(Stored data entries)
◆ ◆ ◆
(* Let $q$ be a prime power, let $\ell \geq 1$ and $n \geq 2\ell+1$ be integers, and put $k = n - \ell$. Let $f$ be a monic irreducible polynomial of degree $\ell$ over $\mathbb{F}_q$ with $\ell \times \ell$ companion matrix $M$, and let $\mathcal{C} = \mathrm{span}_{\mathbb{F}_q}(I, M, M^2, \ldots, M^{\ell-1}) \subseteq \mathbb{F}_q^{\ell \times \ell}$ (the matrix representation of $\mathbb{F}_{q^\ell}$ over $\mathbb{F}_q$), where $I$ is the $\ell \times \ell$ identity matrix. For a matrix $A$ write $[A]_1$ for its first column, and let $\mathbf{0}$ denote the $\ell \times (n-2\ell-1)$ zero matrix (empty if $n = 2\ell+1$). Define \[ \mathcal{G} = \bigl\{ \mathrm{rowspace}\,[\, I \mid A \mid [A^2]_1 \mid \mathbf{0}\,] : A \in \mathcal{C} \bigr\}, \] a family of subspaces of $\mathbb{F}_q^n$, and let $\mathcal{F} = \{ U^\perp : U \in \mathcal{G}\}$, where $U^\perp$ is the orthogonal complement of $U$ with respect to the standard bilinear form on $\mathbb{F}_q^n$. Then $\mathcal{F}$ is a family of $k$-dimensional subspaces of $\mathbb{F}_q^n$ of size $q^\ell = q^{n-k}$, and for every $s \geq 3$, $\mathcal{F}$ is set-like $s$-sunflower-free.
   Context: A $k$-space means a $k$-dimensional subspace of $\mathbb{F}_q^n$. A family (a set, not a multiset) of $s$ distinct $k$-spaces $S_1, \ldots, S_s$ of $\mathbb{F}_q^n$ is a set-like $s$-sunflower with kernel $K$ if $K = S_i \cap S_j$ for all distinct $i, j$. A family of $k$-spaces is set-like $s$-sunflower-free if no $s$ of its members form a set-like $s$-sunflower. *)

From HB Require Import structures.
From mathcomp Require Import all_boot all_order all_algebra all_field.
Set Implicit Arguments. Unset Strict Implicit. Unset Printing Implicit Defensive.
Import GRing.Theory.
Local Open Scope ring_scope.

Section Defs.
Variable F : finFieldType.

(* The l x l companion matrix of f (MathComp's [companionmx], viewed at
   dimension l; exact when size f = l.+1, i.e. deg f = l). *)
Definition companion (l : nat) (f : {poly F}) : 'M[F]_l :=
  conform_mx (0 : 'M[F]_l) (companionmx f).

Definition mat_span_powers (l : nat) (M : 'M[F]_l) : {set 'M[F]_l} :=
  [set \sum_(i < l) c i *: M ^+ i | c : {ffun 'I_l -> F}].

Definition first_col (l : nat) (A : 'M[F]_l) : 'M[F]_(l, 1) :=
  A *m \col_(j < l) ((j : nat) == 0%N)%:R.

(* The l x n matrix [ I | A | [A^2]_1 | 0 ]  (0 is l x (n - 2l - 1));
   exact when n >= 2l+1. *)
Definition gen_mx (l n : nat) (A : 'M[F]_l) : 'M[F]_(l, n) :=
  conform_mx (0 : 'M[F]_(l, n))
    (row_mx (1%:M : 'M[F]_l)
       (row_mx A (row_mx (first_col (A ^+ 2))
                         (0 : 'M[F]_(l, n - (l + l).+1))))).

(* Orthogonal complement of the row space of U w.r.t. the standard bilinear
   form v.w = v *m w^T on F^n: all v with v *m U^T = 0. *)
Definition perp_mx (m n : nat) (U : 'M[F]_(m, n)) : 'M[F]_n := kermx U^T.

Definition set_like_sunflower (n s : nat) (S : 'I_s -> 'M[F]_n) : Prop :=
  (forall i j, i != j -> ~~ (S i == S j)%MS) /\
  exists K : 'M[F]_n, forall i j, i != j -> (S i :&: S j == K)%MS.

(* A family (set of subspaces, each represented by a canonical matrix
   <<U>>) is set-like s-sunflower-free. *)
Definition sunflower_free (n s : nat) (Fam : {set 'M[F]_n}) : Prop :=
  forall S : 'I_s -> 'M[F]_n, (forall i, S i \in Fam) ->
    ~ set_like_sunflower S.

End Defs.

(* If three members S0, S1, S2 of a set-like sunflower share the kernel, then
   S0 :&: S1 <= S2, so dually the row space U2 = [I | C | C^2 e] (e the first
   unit column) lies in U0 + U1 for U0 = [I | A | A^2 e], U1 = [I | B | B^2 e].
   Comparing the identity blocks, C = D0 A + D1 B with D0 + D1 = 1, and the same
   combination gives C^2 e = D0 A^2 e + D1 B^2 e.  The matrices of the span of
   the powers of M commute, so this forces (C - A)(C - B) e = 0.  But that span
   is a copy of GF(q^l) because the minimal polynomial f of M is irreducible:
   C - A and C - B are invertible, and e = 0, a contradiction. *)

From HB Require Import structures.
From mathcomp Require Import all_boot all_order all_algebra all_field.
Set Implicit Arguments. Unset Strict Implicit. Unset Printing Implicit Defensive.
Import GRing.Theory.
Local Open Scope ring_scope.

Section OrthogonalComplement.
Variable F : fieldType.

Lemma kermx_trS m1 m2 n (X : 'M[F]_(m1, n)) (Y : 'M[F]_(m2, n)) :
  (Y <= X)%MS -> (kermx X^T <= kermx Y^T)%MS.
Proof.
case/submxP=> D ->; apply/sub_kermxP.
by rewrite trmx_mul mulmxA mulmx_ker mul0mx.
Qed.

Lemma kermx_trK m n (X : 'M[F]_(m, n)) : (kermx (kermx X^T)^T :=: X)%MS.
Proof.
have sXK : (X <= kermx (kermx X^T)^T)%MS.
  by apply/sub_kermxP; rewrite -[X in X *m _]trmxK -trmx_mul mulmx_ker trmx0.
apply/eqmx_sym/eqmxP; rewrite -(mxrank_leqif_eq sXK).
by rewrite !(mxrank_ker, mxrank_tr) subKn ?rank_leq_col.
Qed.

Lemma sub_kermx_tr m1 m2 n (X : 'M[F]_(m1, n)) (Y : 'M[F]_(m2, n)) :
  (kermx X^T <= kermx Y^T)%MS = (Y <= X)%MS.
Proof.
apply/idP/idP=> [/kermx_trS|/kermx_trS //].
by rewrite !kermx_trK.
Qed.

Lemma kermx_tr_col_mx m1 m2 n (X : 'M[F]_(m1, n)) (Y : 'M[F]_(m2, n)) :
  (kermx (col_mx X Y)^T :=: kermx X^T :&: kermx Y^T)%MS.
Proof.
apply/eqmxP/andP; split.
  have := submx_refl (col_mx X Y); rewrite col_mx_sub => /andP[sX sY].
  by rewrite sub_capmx !kermx_trS.
apply/sub_kermxP; rewrite tr_col_mx mul_mx_row.
by rewrite !(sub_kermxP _) ?capmxSl ?capmxSr ?row_mx0.
Qed.

End OrthogonalComplement.

Section GeneratorMatrix.
Variables (F : finFieldType) (l m : nat).

Definition gen_blocks (A : 'M[F]_l) : 'M[F]_(l, l + (l + (1 + m))) :=
  row_mx 1%:M (row_mx A (row_mx (first_col (A ^+ 2)) 0)).

Lemma gen_mxE (A : 'M[F]_l) : gen_mx (l + (l + (1 + m))) A = gen_blocks A.
Proof.
rewrite /gen_mx (_ : (l + (l + (1 + m)) - (l + l).+1)%N = m) ?conform_mx_id //.
by rewrite addnA -addSnnS addnC addnK.
Qed.

Lemma rank_gen_blocks A : \rank (gen_blocks A) = l.
Proof.
apply/eqP; rewrite eqn_leq rank_leq_row -{1}(mxrank1 F l).
have <- : gen_blocks A *m col_mx 1%:M 0 = 1%:M.
  by rewrite mul_row_col mul1mx mulmx0 addr0.
exact: mxrankM_maxl.
Qed.

Lemma gen_blocks_sub_eq A B : (gen_blocks A <= gen_blocks B)%MS -> A = B.
Proof.
case/submxP=> D; rewrite /gen_blocks !mul_mx_row mulmx1.
by case/eq_row_mx=> <- /eq_row_mx[->]; rewrite mul1mx.
Qed.

Lemma perp_gen_blocks_inj :
  injective (fun A : 'M[F]_l => <<perp_mx (gen_blocks A)>>%MS).
Proof.
move=> A B /= /genmxP/andP[sAB _].
by apply/esym/gen_blocks_sub_eq; rewrite -sub_kermx_tr.
Qed.

Lemma gen_blocks_sub_col_mx A B C :
  (gen_blocks C <= col_mx (gen_blocks A) (gen_blocks B))%MS ->
  exists D0 D1 : 'M[F]_l, [/\ D0 + D1 = 1%:M, C = D0 *m A + D1 *m B &
    first_col (C ^+ 2) = D0 *m first_col (A ^+ 2) + D1 *m first_col (B ^+ 2)].
Proof.
case/submxP=> D; rewrite -[D]hsubmxK mul_row_col /gen_blocks !mul_mx_row.
rewrite !add_row_mx !mulmx1 => /eq_row_mx[-> /eq_row_mx[-> /eq_row_mx[-> _]]].
by exists (lsubmx D), (rsubmx D).
Qed.

End GeneratorMatrix.

Lemma affine_comb_sq_eq0 (F : fieldType) n k (A B C D0 D1 : 'M[F]_n)
    (e : 'M[F]_(n, k)) :
  A *m B = B *m A -> A *m C = C *m A ->
  C - A \in unitmx -> C - B \in unitmx ->
  D0 + D1 = 1%:M -> C = D0 *m A + D1 *m B ->
  C ^+ 2 *m e = D0 *m (A ^+ 2 *m e) + D1 *m (B ^+ 2 *m e) -> e = 0.
Proof.
move=> cAB cAC uCA uCB sumD defC defC2.
have combB p (X Y : 'M_(n, p)) : D0 *m X + D1 *m Y - X = D1 *m (Y - X).
  rewrite -[X in _ - X]mul1mx -sumD mulmxDl mulmxBr.
  by rewrite [D0 *m X + _]addrC addrKA.
have subr_sqr X : A *m X = X *m A -> X ^+ 2 - A ^+ 2 = (X - A) *m (X + A).
  by rewrite !mulmxE => cAX; rewrite mulrDr !mulrBl cAX addrA subrK !expr2.
have dCA : C - A = D1 *m (B - A) by rewrite defC combB.
have dC2A : C ^+ 2 *m e - A ^+ 2 *m e = D1 *m (B ^+ 2 *m e - A ^+ 2 *m e).
  by rewrite defC2 combB.
have : (C - A) *m ((C - B) *m e) = 0.
  (* (C - A)(C - B) = (C^2 - A^2) - (C - A)(B + A), and both terms are D1 times
     the corresponding expressions at B. *)
  have -> : C - B = C + A - (B + A) by rewrite opprD addrACA subrr addr0.
  rewrite [(C + A - _) *m e]mulmxBl mulmxBr !mulmxA -subr_sqr // dCA.
  rewrite -[D1 *m _ *m _]mulmxA.
  by rewrite -subr_sqr // -[D1 *m _ *m e]mulmxA !mulmxBl dC2A subrr.
move/(canRL (mulKmx uCA)); rewrite mulmx0.
by move/(canRL (mulKmx uCB)); rewrite mulmx0.
Qed.

Section MinimalPolynomial.
Variables (F : fieldType) (n : nat) (M : 'M[F]_n.+1).

Lemma horner_mx_small_inj (p r : {poly F}) :
  (size p <= degree_mxminpoly M)%N -> (size r <= degree_mxminpoly M)%N ->
  horner_mx M p = horner_mx M r -> p = r.
Proof.
move=> szp szr eq_pr.
rewrite -(modp_small (q := mxminpoly M) (p := p)) ?size_mxminpoly ?ltnS //.
by rewrite -horner_mxK eq_pr horner_mxK modp_small ?size_mxminpoly ?ltnS.
Qed.

Lemma mxminpoly_eq_irreducible (f : {poly F}) :
  f \is monic -> irreducible_poly f -> horner_mx M f = 0 -> mxminpoly M = f.
Proof.
move=> f_monic [_ f_irr] /mxminpoly_min dvd_f.
have sz_min : size (mxminpoly M) != 1%N.
  by rewrite size_mxminpoly eqSS -lt0n mxminpoly_nonconstant.
by apply/eqP; rewrite -eqp_monic ?mxminpoly_monic ?f_irr.
Qed.

Lemma horner_mx_unitmx (p : {poly F}) : irreducible_poly (mxminpoly M) ->
  horner_mx M p != 0 -> horner_mx M p \in unitmx.
Proof.
move=> irr_min; rewrite -dvd_mxminpoly -irreducible_poly_coprime //.
case/Bezout_eq1_coprimepP=> [[u v]] /(congr1 (horner_mx M)).
rewrite rmorphD !rmorphM /= mx_root_minpoly mulr0 add0r rmorph1 -mulmxE.
by case/mulmx1_unit.
Qed.

End MinimalPolynomial.

Section SpanOfPowers.
Variables (F : finFieldType) (n : nat) (M : 'M[F]_n.+1).

Lemma sum_powers_horner_mx (c : {ffun 'I_n.+1 -> F}) :
  \sum_(i < n.+1) c i *: M ^+ i = horner_mx M (\poly_(i < n.+1) c (inord i)).
Proof.
rewrite poly_def linear_sum; apply: eq_bigr => i _.
by rewrite linearZ /= rmorphXn /= horner_mx_X inord_val.
Qed.

Lemma mat_span_powers_horner_mx A :
  A \in mat_span_powers M -> exists p, A = horner_mx M p.
Proof. by case/imsetP=> c _ ->; rewrite sum_powers_horner_mx; eexists. Qed.

Lemma mat_span_powers_comm A B :
  A \in mat_span_powers M -> B \in mat_span_powers M -> A *m B = B *m A.
Proof.
move=> /mat_span_powers_horner_mx[p ->] /mat_span_powers_horner_mx[r ->].
by rewrite mulmxE -!rmorphM /= mulrC.
Qed.

Lemma mat_span_powers_subr_unitmx A B : irreducible_poly (mxminpoly M) ->
  A \in mat_span_powers M -> B \in mat_span_powers M -> A != B ->
  A - B \in unitmx.
Proof.
move=> irr_min /mat_span_powers_horner_mx[p ->] /mat_span_powers_horner_mx[r ->].
by rewrite -subr_eq0 -rmorphB; apply: horner_mx_unitmx.
Qed.

Lemma card_mat_span_powers :
  degree_mxminpoly M = n.+1 -> #|mat_span_powers M| = (#|F| ^ n.+1)%N.
Proof.
move=> degM; rewrite card_imset ?card_ffun ?card_ord // => c1 c2.
rewrite !sum_powers_horner_mx => /horner_mx_small_inj.
rewrite degM !size_poly => /(_ isT isT) eq_c; apply/ffunP=> i.
have := congr1 (fun p : {poly F} => p`_i) eq_c.
by rewrite /= !coef_poly ltn_ord inord_val.
Qed.

End SpanOfPowers.

Lemma mxminpoly_companion (F : finFieldType) n (f : {poly F}) :
  f \is monic -> size f = n.+2 -> irreducible_poly f ->
  mxminpoly (companion n.+1 f) = f.
Proof.
move=> f_monic sz_f f_irr; apply: mxminpoly_eq_irreducible => //.
have charE : char_poly (companion n.+1 f) = f.
  rewrite /companion -[RHS](companionmxK f_monic).
  by move: (companionmx f); rewrite sz_f => X; rewrite conform_mx_id.
by rewrite -{2}charE Cayley_Hamilton.
Qed.

Lemma set_like_sunflower_capS (F : finFieldType) n s (S : 'I_s -> 'M[F]_n)
    i j k :
  set_like_sunflower S -> i != j -> i != k -> (S i :&: S j <= S k)%MS.
Proof.
case=> _ [K kerK] ij ik; have /andP[sIJK _] := kerK i j ij.
have /andP[_ sKIK] := kerK i k ik.
by rewrite (submx_trans sIJK) // (submx_trans sKIK) ?capmxSr.
Qed.

Section PerpendicularFamily.
Variables (F : finFieldType) (l m : nat) (M : 'M[F]_l.+1).
Hypothesis irr_min : irreducible_poly (mxminpoly M).

Lemma gen_blocks_not_sub_col_mx A B C :
  A \in mat_span_powers M -> B \in mat_span_powers M ->
  C \in mat_span_powers M -> C != A -> C != B ->
  ~~ (gen_blocks m C <= col_mx (gen_blocks m A) (gen_blocks m B))%MS.
Proof.
move=> CA CB CC neqCA neqCB; apply/negP.
case/gen_blocks_sub_col_mx=> D0 [D1 [sumD defC defC2]].
have /matrixP/(_ 0 0) := affine_comb_sq_eq0 (mat_span_powers_comm CA CB)
  (mat_span_powers_comm CA CC) (mat_span_powers_subr_unitmx irr_min CC CA neqCA)
  (mat_span_powers_subr_unitmx irr_min CC CB neqCB) sumD defC defC2.
by rewrite !mxE /=; apply/eqP; rewrite oner_eq0.
Qed.

Lemma sunflower_free_perp_gen_blocks s : (3 <= s)%N ->
  sunflower_free s
    [set <<perp_mx (gen_blocks m A)>>%MS | A in mat_span_powers M].
Proof.
move=> s_ge3 S memS sunS.
pose i0 : 'I_s := Ordinal (ltnW (ltnW s_ge3)).
pose i1 : 'I_s := Ordinal (ltnW s_ge3).
pose i2 : 'I_s := Ordinal s_ge3.
have [A0 CA0 SA0] := imsetP (memS i0).
have [A1 CA1 SA1] := imsetP (memS i1).
have [A2 CA2 SA2] := imsetP (memS i2).
have neqA i j Ai Aj : i != j -> S i = <<perp_mx (gen_blocks m Ai)>>%MS ->
    S j = <<perp_mx (gen_blocks m Aj)>>%MS -> Ai != Aj.
  move=> ij SAi SAj; apply: contraNneq (sunS.1 i j ij) => eqA.
  by rewrite SAi SAj eqA !submx_refl.
have := set_like_sunflower_capS sunS (isT : i0 != i1) (isT : i0 != i2).
rewrite SA0 SA1 SA2 (cap_eqmx (genmxE _) (genmxE _)) genmxE /perp_mx.
rewrite -kermx_tr_col_mx sub_kermx_tr; apply/negP.
apply: gen_blocks_not_sub_col_mx => //.
  exact: (neqA i2 i0).
exact: (neqA i2 i1).
Qed.

End PerpendicularFamily.

Theorem mainTheorem1 (F : finFieldType) (l n : nat) (f : {poly F}) :
  (1 <= l)%N -> (l.*2.+1 <= n)%N ->
  f \is monic -> size f = l.+1 -> irreducible_poly f ->
  let q := #|F| in
  let k := (n - l)%N in
  let M : 'M[F]_l := companion l f in
  let C : {set 'M[F]_l} := mat_span_powers M in
  let Fam : {set 'M[F]_n} :=
    [set <<perp_mx (gen_mx n A)>>%MS | A in C] in
  (forall X, X \in Fam -> \rank X = k) /\
  #|Fam| = (q ^ l)%N /\
  (forall s : nat, (3 <= s)%N -> sunflower_free s Fam).
Proof.
case: l => [//|l] _ le_n f_monic sz_f f_irr q k M C Fam.
have [m def_n] : exists m, n = (l.+1 + (l.+1 + (1 + m)))%N.
  by exists (n - (l.+1).*2.+1)%N; rewrite !addnA addn1 addnn subnKC.
subst n.
have minM : mxminpoly M = f by apply: mxminpoly_companion.
have -> : Fam = [set <<perp_mx (gen_blocks m A)>>%MS | A in C].
  by apply: eq_imset => A; rewrite gen_mxE.
split; [|split].
- move=> _ /imsetP[A _ ->].
  by rewrite genmxE mxrank_ker mxrank_tr rank_gen_blocks.
- rewrite card_imset; last exact: perp_gen_blocks_inj.
  apply: card_mat_span_powers.
  by apply/eqP; rewrite -eqSS -size_mxminpoly minM sz_f.
- by move=> s s_ge3; apply: sunflower_free_perp_gen_blocks; rewrite ?minM.
Qed.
◆ ◆ ◆
▸ **What you have to do**
Search the entries for the string "capmxSr" and copy each line where it occurs.

▸ **Answer for the task**
by rewrite !(sub_kermxP _) ?capmxSl ?capmxSr ?row_mx0.
by rewrite (submx_trans sIJK) // (submx_trans sKIK) ?capmxSr.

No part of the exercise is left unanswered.